This analysis report has been presented by Aishwarya Jain as part of her assignment in our certificate course on New Criminal Laws.

Parliament recently approved three new bills aimed at modernizing India’s criminal justice system. These bills replace colonial-era laws with a focus on harsher punishments for serious crimes like terrorism, lynching, and threats to national security. The bills, named the Bharatiya Nyaya (Second) Sanhita, Bharatiya Nagrik Suraksha (Second) Sanhita, and Bharatiya Sakshya (Second) Bill, address a long-standing need to move away from outdated legal codes.

The bills, which replace the Indian Penal Code, Code of Criminal Procedure, and Indian Evidence Act, received approval in the Lok Sabha on 20th December, 2023 and received approval in Rajya Sabha on 21st December. The President Draupadi Murmu assented on 25th .

“The passage of Bharatiya Nagarik Suraksha Sanhita, 2023, Bharatiya Nyaya Sanhita, 2023 and Bharatiya Sakshya Adhiniyam, 2023 is a watershed moment in our history. These Bills mark the end of colonial-era laws. A new era begins with laws centered on public service and welfare,” PM Modi tweeted. The Prime Minister stated, “These Bills ensure enhanced protection for the impoverished, marginalized, and vulnerable sections of our society.”
Additionally, he stated that the new legislation will take a strong stance against crimes like organized crime, terrorism, and other offenses that undermine our peaceful progress.
The new legislation seek to modernize the criminal justice system through:
– Changing laws from the colonial era
-Putting victim rights first
-A greater focus on national security
-Simplifying the process of managing digital evidence

Notably, most opposition MPs were suspended for their “unruly behavior” when they demanded a discussion on the December 13 security breach in Parliament, and as a result, the bills were passed in the Upper House without their presence.

Also, petitions were filed at SC. One of the please filed by Vishal Tiwari stating the news laws to be draconian and how it establishes a police state was dismissed by the Hon’ble SC. Tiwari pleaded that the bills were passed without any actual parliamentary debate.

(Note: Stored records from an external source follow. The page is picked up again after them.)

Lemma interv_value_noncst G F X s (f : assign Ran -> Ran X) :
  wf_system G -> wf_system F -> sfun F X = Some f -> ~~ constb f ->
  interv_value G X s =1 f <-> X \in noncst G /\ fn_equiv G F X.
Proof.
move=> wfG wfF FX noncst_f; rewrite inE /interv_value; case GX: (sfun G X) => [g|].
  rewrite (fn_equiv_eq wfG wfF GX FX); split=> [gf|[]//]; split=> //.
  by apply: contra noncst_f => /constbP const; apply/constbP => a b; rewrite -!gf.
split=> [const|[]//]; case/negP: noncst_f; apply/constbP => a b.
by rewrite -!const.
Qed.

Lemma interv_value_targetP G F X s :
  wf_system G -> wf_system F -> compatible s G ->
  interv_value G X s =1 phi_target F X s <-> sys_equiv_at G F X.
Proof.
move=> wfG wfF compat; have constE := interv_value_const X compat.
rewrite /sys_equiv_at [X \in noncst F]inE /phi_target.
case FX: (sfun F X) => [f|] /=; last first.
  by rewrite constE; split=> [/negbTE nG|[/negbT]]; rewrite ?nG.
case: (boolP (constb f)) => [_|noncst_f] /=.
  by rewrite constE; split=> [/negbTE nG|[/negbT]]; rewrite ?nG.
rewrite (interv_value_noncst _ wfG wfF FX noncst_f).
by split=> [[nG equiv]|[nG equiv]]; split=> //; apply: equiv.
Qed.

Lemma compatible_PhiP G F s :
  wf_system G -> wf_system F -> compatible s G ->
  (forall X t, t X = r0 X -> interv_value G X s t = phi_target F X s t) <->
  sys_equiv G F.
Proof.
move=> wfG wfF compat; rewrite sys_equiv_atP.
have pointwise X := indep_at_eq (@interv_value_indep G X s wfG) (@phi_target_indep F X s wfF).
split=> equiv X; first by apply/(interv_value_targetP _ wfG wfF compat)/pointwise/equiv.
by apply/pointwise/(interv_value_targetP _ wfG wfF compat).
Qed.

Definition cteam Tm G : gteam Ran := fun p => Tm p.1 /\ p.2 = G.

Lemma cteam1 s G : cteam (fun t => t = s) G = (fun p => p = (s, G)).
Proof. by apply: pred_ext => -[t K]; split=> [[/= -> ->]|[-> ->]]. Qed.

Lemma cteam_section T G : (forall p, T p -> p.2 = G) -> cteam (fun s => T (s, G)) G = T.
Proof.
move=> onG; apply: pred_ext => -[s K]; split=> [[? /= -> //]|Tp].
by have /= GK := onG _ Tp; subst K.
Qed.

Lemma ginterv_cteam xs Tm G :
  ginterv xs (cteam Tm G) =
  cteam (fun s' => exists s, Tm s /\ isol G xs s s') (sys_interv G xs).
Proof.
apply: pred_ext => -[s' K]; split.
  by case=> -[s _] [[/= Tm_s ->] [/= -> isol_s]]; split=> //; exists s.
by case=> -[s [Tm_s isol_s]] /= ->; exists (s, G).
Qed.

Lemma csat_gsat (a : form Ran) Tm G : csat Tm G a <-> gsat (cteam Tm G) a.
Proof.
elim: a Tm G => [X x|b IH|b IHb c IHc|b IHb c IHc|xs b IH] Tm G /=.
- by split=> [sat p [/sat]|sat s Tm_s]; last exact: (sat (s, G)).
- split=> [sat [s K] [/= Tm_s ->]|sat s Tm_s]; first by rewrite -cteam1 -IH; apply: sat.
  by rewrite IH cteam1; apply: (sat (s, G)).
- by rewrite IHb IHc.
- split=> -[T1 [T2 [T12 [sat1 sat2]]]].
    exists (cteam T1 G), (cteam T2 G); rewrite -IHb -IHc; split=> // -[s K].
    by rewrite /cteam /= T12; tauto.
  have onG Ti : (forall p, Ti p -> T1 p \/ T2 p) -> forall p, Ti p -> p.2 = G.
    by move=> sub p /sub /T12 [].
  exists (fun s => T1 (s, G)), (fun s => T2 (s, G)).
  rewrite IHb IHc !cteam_section //; try by apply: onG; tauto.
  by split=> // s; rewrite -T12 /cteam /=; tauto.
- by rewrite IH ginterv_cteam.
Qed.

Lemma gteamF_id T F : (forall p, T p -> sys_equiv p.2 F) <-> gteamF F T = T.
Proof.
split=> [equiv|<- p []//]; apply: pred_ext => p.
by split=> [[]//|Tp]; split=> //; apply: equiv.
Qed.

End CausalTeamsTheory.

Theorem theorem3p4 (V : finType) (Ran : V -> finType)
    (X0 : V) (r0 : forall X : V, Ran X) (* Dom and all Ran(X) nonempty *)
    (F : system Ran) (HF : wf_system F) :
  (* (i) generalized causal teams T ⊆ S_sigma *)
  (forall T : gteam Ran, (forall p, T p -> in_S p) ->
     (gsat T (Phi X0 r0 F) <-> (forall p, T p -> sys_equiv p.2 F)) /\
     ((forall p, T p -> sys_equiv p.2 F) <-> gteamF F T = T)) /\
  (* (ii) nonempty causal teams (T^-, G) *)
  (forall (Tm : assign Ran -> Prop) (G : system Ran),
     wf_system G -> (forall s, Tm s -> compatible s G) -> (exists s, Tm s) ->
     (csat Tm G (Phi X0 r0 F) <-> sys_equiv G F)).
Proof.
split=> [T inS_T|Tm G wfG compat [s0 Tm_s0]].
  have wfT : wf_team T by move=> p /inS_T [].
  rewrite gsat_Phi // -gteamF_id; split=> //.
  split=> sat p Tp; have [wfp compatp] := inS_T p Tp.
    exact/(compatible_PhiP _ wfp HF compatp)/sat.
  exact/(compatible_PhiP _ wfp HF compatp)/sat.
have wfT : wf_team (cteam Tm G) by move=> p [_ ->].
rewrite csat_gsat gsat_Phi //; split=> [sat|equiv [s K] [/= Tm_s ->]].
  exact/(compatible_PhiP _ wfG HF (compat s0 Tm_s0))/(sat (s0, G)).
exact/(compatible_PhiP _ wfG HF (compat s Tm_s)).
Qed.
(* Let $\mathfrak E$ be a tree structure ensemble and $\mathbb V=\mathcal F(\mathfrak E)$. Suppose $f^*\in\mathbb V$, where $f^*(\mathbf x)=f_1(x_1)+f_2(x_2)+\cdots+f_{m'}(x_{m'})$ for some univariate functions $f_1,\dots,f_{m'}$ on $\{1,\dots,B\}$. Then for any feature $1\le i\le m'$ and any knot $t$ of $f_i$, i.e. any value $t$ with $f_i(t)\ne f_i(t+1)$, $\mathbb V$ has full coverage of the split $(i,t)$.
   Context: $\mathcal X=\{1,\dots,B\}^d$. A tree structure is a finite rooted binary tree with axis-aligned splitting rules at internal nodes whose leaves partition $\mathcal X$ into rectangular cells; a tree structure ensemble is a tuple of tree structures, and $\mathcal F(\mathfrak E)$ is the linear span of the indicator functions of all leaves of all its trees (functions on $\mathcal X$). For a coordinate index $i$, write points of $\mathcal X$ as $(\mathbf x^{-i},x_i)$ with $\mathbf x^{-i}\in\{1,\dots,B\}^{d-1}$ the other coordinates, and let $\mathbf e_i$ be the $i$-th coordinate vector. A point $\mathbf x$ is a jump location for $f$ with respect to feature $i$ if $f(\mathbf x)\ne f(\mathbf x+\mathbf e_i)$. For a set $\mathbb V$ of functions, $\mathrm{coverage}(i,t;\mathbb V)=\{\mathbf x^{-i}\in\{1,\dots,B\}^{d-1}: \exists f\in\mathbb V$ such that $(\mathbf x^{-i},t)$ is a jump location for $f$ with respect to feature $i\}$, and $\mathbb V$ has full coverage of the split $(i,t)$ if $\mathrm{coverage}(i,t;\mathbb V)=\{1,\dots,B\}^{d-1}$. *)

From HB Require Import structures.
From mathcomp Require Import all_boot all_order all_algebra.
From mathcomp Require Import reals.
Set Implicit Arguments. Unset Strict Implicit. Unset Printing Implicit Defensive.
Import Order.TTheory GRing.Theory Num.Theory.
Local Open Scope ring_scope.

(* Points of R^d-indexed grid: x : 'I_d -> nat; features are 0-indexed
   ('I_d), coordinate values are 1-based as in the paper. *)
Definition point (d : nat) := 'I_d -> nat.

Definition inX (d B : nat) (x : point d) : Prop := forall j : 'I_d, (1 <= x j <= B)%N.

(* Tree structures: axis-aligned splitting rule at internal nodes:
   Node i s l r sends x to l if x_i <= s, to r otherwise. *)
Inductive tree (d : nat) : Type :=
| Leaf : tree d
| Node : 'I_d -> nat -> tree d -> tree d -> tree d.

Fixpoint cells (d : nat) (T : tree d) : seq (point d -> bool) :=
  match T with
  | Leaf => [:: fun _ => true]
  | Node i s l r =>
      [seq (fun x => (x i <= s)%N && c x) | c <- cells l] ++
      [seq (fun x => (s < x i)%N && c x) | c <- cells r]
  end.

Definition ensemble (d : nat) := seq (tree d).

Definition ens_cells (d : nat) (E : ensemble d) : seq (point d -> bool) :=
  flatten [seq cells T | T <- E].

(* F(E): linear span of the leaf indicator functions, as functions on X. *)
Definition spanF (R : realType) (d B : nat) (E : ensemble d)
    (f : point d -> R) : Prop :=
  exists c : nat -> R, forall x, inX B x ->
    f x = \sum_(k < size (ens_cells E)) c k * ((nth (fun _ => false) (ens_cells E) k) x)%:R.

Definition setc (d : nat) (x : point d) (i : 'I_d) (v : nat) : point d :=
  fun j => if j == i then v else x j.

Definition shift (d : nat) (x : point d) (i : 'I_d) : point d :=
  setc x i (x i).+1.

Definition jump_loc (R : realType) (d B : nat) (f : point d -> R) (x : point d) (i : 'I_d) : Prop :=
  inX B x /\ inX B (shift x i) /\ f x <> f (shift x i).

(* x^{-i} in {1..B}^{d-1}: represented by a point y whose i-th coordinate is ignored. *)
Definition inXminus (d B : nat) (i : 'I_d) (y : point d) : Prop :=
  forall j : 'I_d, j != i -> (1 <= y j <= B)%N.

Definition coverage (R : realType) (d B : nat) (i : 'I_d) (t : nat)
    (V : (point d -> R) -> Prop) (y : point d) : Prop :=
  inXminus B i y /\ exists f, V f /\ jump_loc B f (setc y i t) i.

Definition full_coverage (R : realType) (d B : nat) (i : 'I_d) (t : nat)
    (V : (point d -> R) -> Prop) : Prop :=
  forall y : point d, inXminus B i y -> coverage B i t V y.

(* An additive function f*(x) = f_1(x_1) + ... + f_m'(x_m') changes along
   feature i by exactly f_i(t+1) - f_i(t), whatever the other coordinates are.
   So if t is a knot of f_i, then f* itself, which lies in V, jumps at
   (x^{-i}, t) for every x^{-i}, and this gives full coverage of (i, t). *)
From HB Require Import structures.
From mathcomp Require Import all_boot all_order all_algebra.
From mathcomp Require Import reals.
Set Implicit Arguments. Unset Strict Implicit. Unset Printing Implicit Defensive.
Import Order.TTheory GRing.Theory Num.Theory.
Local Open Scope ring_scope.

Section Coordinates.

Variables (d : nat) (i : 'I_d).

Lemma setc_id (x : point d) (v : nat) : setc x i v i = v.
Proof. by rewrite /setc eqxx. Qed.

Lemma setc_other (x : point d) (v : nat) (j : 'I_d) :
  j != i -> setc x i v j = x j.
Proof. by rewrite /setc => /negbTE ->. Qed.

Lemma shift_setc (x : point d) (v : nat) (j : 'I_d) :
  shift (setc x i v) i j = setc x i v.+1 j.
Proof. by rewrite /shift setc_id /setc; case: (j == i). Qed.

Lemma inX_setc (B : nat) (y : point d) (v : nat) :
  inXminus B i y -> (1 <= v <= B)%N -> inX B (setc y i v).
Proof.
move=> hy hv j; have [->|hj] := eqVneq j i; first by rewrite setc_id.
by rewrite setc_other //; apply: hy.
Qed.

End Coordinates.

Lemma additive_setc_diff (V : zmodType) (d : nat) (P : pred 'I_d)
    (fs : nat -> nat -> V) (x : point d) (i : 'I_d) (u v : nat) :
  P i ->
  \sum_(j < d | P j) fs j (setc x i u j) - \sum_(j < d | P j) fs j (setc x i v j)
  = fs i u - fs i v.
Proof.
move=> Pi; rewrite (bigD1 i Pi) [X in _ - X](bigD1 i Pi) /= !setc_id.
have -> : \sum_(j < d | P j && (j != i)) fs j (setc x i u j)
        = \sum_(j < d | P j && (j != i)) fs j (setc x i v j).
  by apply: eq_bigr => j /andP[_ hj]; rewrite !setc_other.
by rewrite opprD addrACA subrr addr0.
Qed.

Lemma jump_loc_additive (R : realType) (d B : nat) (P : pred 'I_d)
    (fs : nat -> nat -> R) (i : 'I_d) (t : nat) (y : point d) :
  P i -> (1 <= t)%N -> (t < B)%N -> fs i t <> fs i t.+1 ->
  inXminus B i y ->
  jump_loc B (fun x : point d => \sum_(j < d | P j) fs j (x j)) (setc y i t) i.
Proof.
move=> Pi ht1 htB hne hy; split; last split.
- by apply: inX_setc => //; rewrite ht1 ltnW.
- by move=> j; rewrite shift_setc; apply: inX_setc j => //; rewrite ltnS ltnW.
- under [X in _ <> X]eq_bigr do rewrite shift_setc.
  by move/eqP; rewrite -subr_eq0 additive_setc_diff // subr_eq0 => /eqP.
Qed.

Lemma full_coverage_of_jumps (R : realType) (d B : nat) (i : 'I_d) (t : nat)
    (V : (point d -> R) -> Prop) (f : point d -> R) :
  V f -> (forall y, inXminus B i y -> jump_loc B f (setc y i t) i) ->
  full_coverage B i t V.
Proof. by move=> Vf hjump y hy; split=> //; exists f; split=> //; apply: hjump. Qed.

Theorem lemmaF4 (R : realType) (d B m' : nat) (E : ensemble d)
    (fs : nat -> nat -> R) :
  (m' <= d)%N ->
  spanF B E (fun x : point d => \sum_(j < d | (j < m')%N) fs j (x j)) ->
  forall (i : 'I_d) (t : nat),
    (i < m')%N -> (1 <= t)%N -> (t < B)%N -> fs i t <> fs i t.+1 ->
    full_coverage (R := R) B i t (spanF B E).
Proof.
move=> _ hV i t him ht1 htB hne.
apply: (full_coverage_of_jumps hV) => y hy.
exact: (jump_loc_additive (P := fun j : 'I_d => (j < m')%N)).
Qed.
Lemma tp2_char j tau : qq rho p H gamma j x tau xi = 0 ->
  tp2 rho p H gamma j x tau xi = piproj rho p H gamma j x xi.
Proof. by move=> q0; rewrite /tp2 q0 big1 ?addr0 // => k _; rewrite mul0r scale0r. Qed.

Hypotheses (rho_pos : 0 < rho x) (c2_pos : 0 < c2 rho p gamma x).

Lemma speed_root c : c = cs2 rho p H gamma x xi \/ c = cf2 rho p H gamma x xi ->
  (rho x * c) ^+ 2 - (gamma * p x + sqn (H x)) * sqn xi * (rho x * c)
  + gamma * p x * sqn xi * dot (H x) xi ^+ 2 = 0.
Proof.
move=> cE; have r0 : rho x != 0 by rewrite gt_eqF.
set B := (c2 rho p gamma x + h2 rho H x) * sqn xi.
set C := c2 rho p gamma x * sqn xi * (dot (H x) xi ^+ 2 / rho x).
have radE : (c2 rho p gamma x - h2 rho H x) ^+ 2 * sqn xi ^+ 2
    + 4%:R * b2 rho H x xi * c2 rho p gamma x * sqn xi = B ^+ 2 - 4%:R * C.
  by rewrite /B /C /b2 /h2 sqn_cross dotC; field.
have rad0 : 0 <= B ^+ 2 - 4%:R * C.
  rewrite -radE; apply: addr_ge0; first by rewrite mulr_ge0 ?sqr_ge0.
  apply: mulr_ge0; last exact: sqn_ge0.
  apply: mulr_ge0; last exact: ltW.
  by apply: mulr_ge0; rewrite // /b2 divr_ge0 ?sqn_ge0 ?ltW.
have root : c ^+ 2 - B * c + C = 0.
  by apply: quadratic_sqrt_root; rewrite // -radE; case: cE => ->; [right | left].
transitivity (rho x ^+ 2 * (c ^+ 2 - B * c + C)); last by rewrite root mulr0.
by rewrite /B /C /c2 /h2; field.
Qed.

These new laws criminalize acts like as terrorism, corruption, mob lynching, and organized crime. They allow individuals to file a police complaint at any police station, regardless of where the incident occurred. They recommend videotaping search and seizure activities, as well as increasing the use of electronic evidence and forensics during investigations. They propose community service as a new kind of punishment. They advocate for faster justice through video trials and holding trials in the absence of the accused.

The Conclusion:

Most experts claim the new bills “retain more than 80%” of the 160-year-old Indian Penal Code, which was drafted by British historian Thomas Babington Macaulay. They further state that the 50-year-old Code of Criminal Procedure has been modified and amended on a regular basis, most recently in 2018. “The majority of these bills retain exactly the same existing provisions under new names”.
Experts argue that instead than deleting laws and dealing with the immense administrative issues that would result, India might have simply amended existing laws.